More formally: In general, if $x$ is a (vector of) decision variable(s), $D$ is an random variable, and f is a nonlinear function, then  
    
$$\underset{x}{\operatorname{argmax}} f(x,E(D)) \neq \underset{x}{\operatorname{argmax}}  E(f(x,D))$$
    

That is, in general, the best average-based decision is usually different and worse than the decision with the best expected performance.




## The Flaw Of Averages and Decision Making

This is what we already observed in our case study:
- While 100 is the best decision when using average demand, it is not the **true best** decision:



In [11]:

capacities = np.arange(200)

average_profits = np.empty(len(capacities))

for i, capacity in enumerate(capacities):    
    average_profits[i] = np.mean(total_profit(capacity, demands))
    
best_index = np.argmax(average_profits)

best_profit = np.max(average_profits)
best_index = np.argmax(average_profits)
best_capacity_decision = capacities[best_index]

print (f"The best decision is {best_capacity_decision} yielding an average profit of {best_profit:.02f}")


The best decision is 83 yielding an average profit of 680.88


## The Expected Value of Including Uncertainty


In our case study, the optimal decision from an average-based model is 100 k, yielding an expected profit of $\approx$ \\$600k.

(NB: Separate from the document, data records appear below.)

(** Angle variables (real representatives in [0,1], understood mod 1).
    Convention for a zero velocity: the first branch is used for v1 = 0,
    the first branch (v2 <= 0) for v2 = 0. *)
Definition phi1 (s : pstate) : R :=
  if Rle_dec 0 (pv1 s) then px1 s / (2 * pX s) else 1 - px1 s / (2 * pX s).
Definition phi2 (s : pstate) : R :=
  if Rle_dec (pv2 s) 0 then (1 - px2 s) / (2 * (1 - pX s))
  else 1 - (1 - px2 s) / (2 * (1 - pX s)).

Definition angle0 (a : R) : Prop := frac_part a = 0.

Definition dcirc (a b : R) : R :=
  Rmin (frac_part (a - b)) (1 - frac_part (a - b)).

Definition Hbar (m1 m2 : R) (h : slow) : slow :=
  (hW h,
   m1 * (hs1 h)^2 / hX h - m2 * (hs2 h)^2 / (1 - hX h),
   - hs1 h * hW h / hX h,
   hs2 h * hW h / (1 - hX h)).

Definition solves_avg (m1 m2 : R) (hbar : R -> slow) (h0 : slow) : Prop :=
  hbar 0 = h0 /\
  forall tau, 0 <= tau ->
    is_derive (fun u => hX (hbar u)) tau (hX (Hbar m1 m2 (hbar tau))) /\
    is_derive (fun u => hW (hbar u)) tau (hW (Hbar m1 m2 (hbar tau))) /\
    is_derive (fun u => hs1 (hbar u)) tau (hs1 (Hbar m1 m2 (hbar tau))) /\
    is_derive (fun u => hs2 (hbar u)) tau (hs2 (Hbar m1 m2 (hbar tau))).

(** Distance |z0(t) - z_eps(t)| in the coordinates
    z = (X, W, s1, s2, phi1, phi2) (max norm, angles mod 1), where z0 is the
    unperturbed motion started at z_eps(0) = state s0. *)
Definition zdist (eps : R) (s0 : pstate) (t : R) (st : pstate) : R :=
  let h0 := hstate eps s0 in
  let h := hstate eps st in
  Rmax (Rmax (Rmax (Rabs (hX h - hX h0)) (Rabs (hW h - hW h0)))
             (Rmax (Rabs (hs1 h - hs1 h0)) (Rabs (hs2 h - hs2 h0))))
       (Rmax (dcirc (phi1 st) (phi1 s0 + hs1 h0 / (2 * hX h0) * t))
             (dcirc (phi2 st) (phi2 s0 + hs2 h0 / (2 * (1 - hX h0)) * t))).

Definition t1_eps (z : R -> pstate) : Rbar :=
  Glb_Rbar (fun t => 0 < t /\ angle0 (phi1 (z t))).

Definition T_eps (eps : R) (Vs : slow -> Prop) (hbar : R -> slow)
  (z : R -> pstate) : Rbar :=
  Glb_Rbar (fun tau => 0 <= tau /\
    (~ Vs (hbar tau) \/ ~ Vs (hstate eps (z (tau / eps))))).

From mathcomp Require Import all_boot all_classical Rstruct Rstruct_topology topology.

Definition compactR (A : R -> Prop) : Prop := compact A.
Definition compact4 (V : slow -> Prop) : Prop := compact V.

From Stdlib Require Import Reals.
From Coquelicot Require Import Coquelicot.
Open Scope R_scope.
From Stdlib Require Import Lra Lia Classical.

(* Take the piston mass M = eps^-2.  While the slow variables stay in V, the
   piston speed is O(eps) and the gas speeds lie in a compact subset of
   (0, oo); hence each angle turns at a rate bounded above and below, so that
   t1 = O(1) and the collisions of a given particle with the piston are
   separated by a fixed amount of time: there are O(1) of them before t1.
   Each piston collision changes |v_i| by O(eps) and preserves the total
   momentum; a wall collision changes eps times the momentum by O(eps), and
   before t1 the left wall is hit at most at time 0.  Hence s1, s2 and W drift
   by O(eps), and X, moving at speed O(eps) for a time O(1), as well.  Between
   collisions each angle turns at its unperturbed rate up to O(eps), and
   collisions shift it by integers, so it stays O(eps)-close to the
   unperturbed rotation modulo 1.  Admissibility of the configuration is not
   part of [is_motion]; it propagates because every collision sends the
   velocities into the admissible region. *)

(** * Real-variable tools *)

Lemma real_induction (a b : R) (P : R -> Prop) :
  a <= b -> P a ->
  (forall s, a <= s < b -> P s ->
     exists d, 0 < d /\ forall u, s < u <= s + d -> u <= b -> P u) ->
  (forall s, a < s <= b -> (forall u, a <= u < s -> P u) -> P s) ->
  P b.
Proof.
  intros hab Pa Hright Hleft.
  set (E := fun x => a <= x <= b /\ forall y, a <= y <= x -> P y).
  assert (Ea : E a) by (split; [lra|]; intros y Hy; replace y with a by lra; exact Pa).
  destruct (completeness E) as [m [Hub Hlub]].
  { exists b; intros x [Hx _]; lra. }
  { exists a; exact Ea. }
  assert (am : a <= m) by (apply Hub; exact Ea).
  assert (mb : m <= b) by (apply Hlub; intros x [Hx _]; lra).
  assert (below : forall y, a <= y < m -> P y).
  { intros y Hy. apply NNPP; intros nPy.
    assert (m <= y); [|lra].
    apply Hlub; intros x [Hx Hall].
    apply Rnot_lt_le; intros hyx. apply nPy, Hall; lra. }
  assert (Pm : P m).
  { destruct (Req_dec m a) as [->|ne]; [exact Pa|]. apply Hleft; [lra|exact below]. }
  destruct (Req_dec m b) as [<-|ne]; [exact Pm|].
  exfalso. destruct (Hright m ltac:(lra) Pm) as [d [dp Hd]].
  set (u := m + Rmin d (b - m)).
  assert (hmin : 0 < Rmin d (b - m) <= Rmin d (b - m)) by (split; [apply Rmin_pos|]; lra).
  pose proof (Rmin_l d (b - m)); pose proof (Rmin_r d (b - m)).
  assert (Eu : E u).
  { split; [unfold u; lra|]. intros y Hy.
    destruct (Rlt_le_dec y m); [apply below; lra|].
    destruct (Req_dec y m) as [->|]; [exact Pm|]. apply Hd; unfold u in *; lra. }
  assert (u <= m) by (apply Hub; exact Eu). unfold u in *; lra.
Qed.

The true best decision, however, is to install 83 k, yielding $\approx$ \\$680k 


The difference in expected performance  is called 

- **Expected Value of Including Uncertainty (EVIU)** or
- **Value of the Stochastic Solution (VSS)**

**EVIU = EIU - EEV**

where
- **EIU**, the expected performance of the optimal decision explicitly considering / including uncertainty  
- **EEV**, the (true) expected value from the (flawed) optimal expected-value-based decision

In our example:

In [12]:
eiu = np.max(average_profits)

eev = average_profits[100]

eviu = eiu - eev

print(f'The EVIU in our example is {eviu:.2f} (the EIU is {eiu:.2f} and hte EEV is {eev:.2f})')


The EVIU in our example is 80.59 (the EIU is 680.88 and hte EEV is 600.29)


# The Structure of Decision-Making Problems under Uncertainty

## Decision Making Under Uncertainty: Single-Stage Setting

- decisions have to be taken **here and now**, that is, **before** the uncertain information becomes known.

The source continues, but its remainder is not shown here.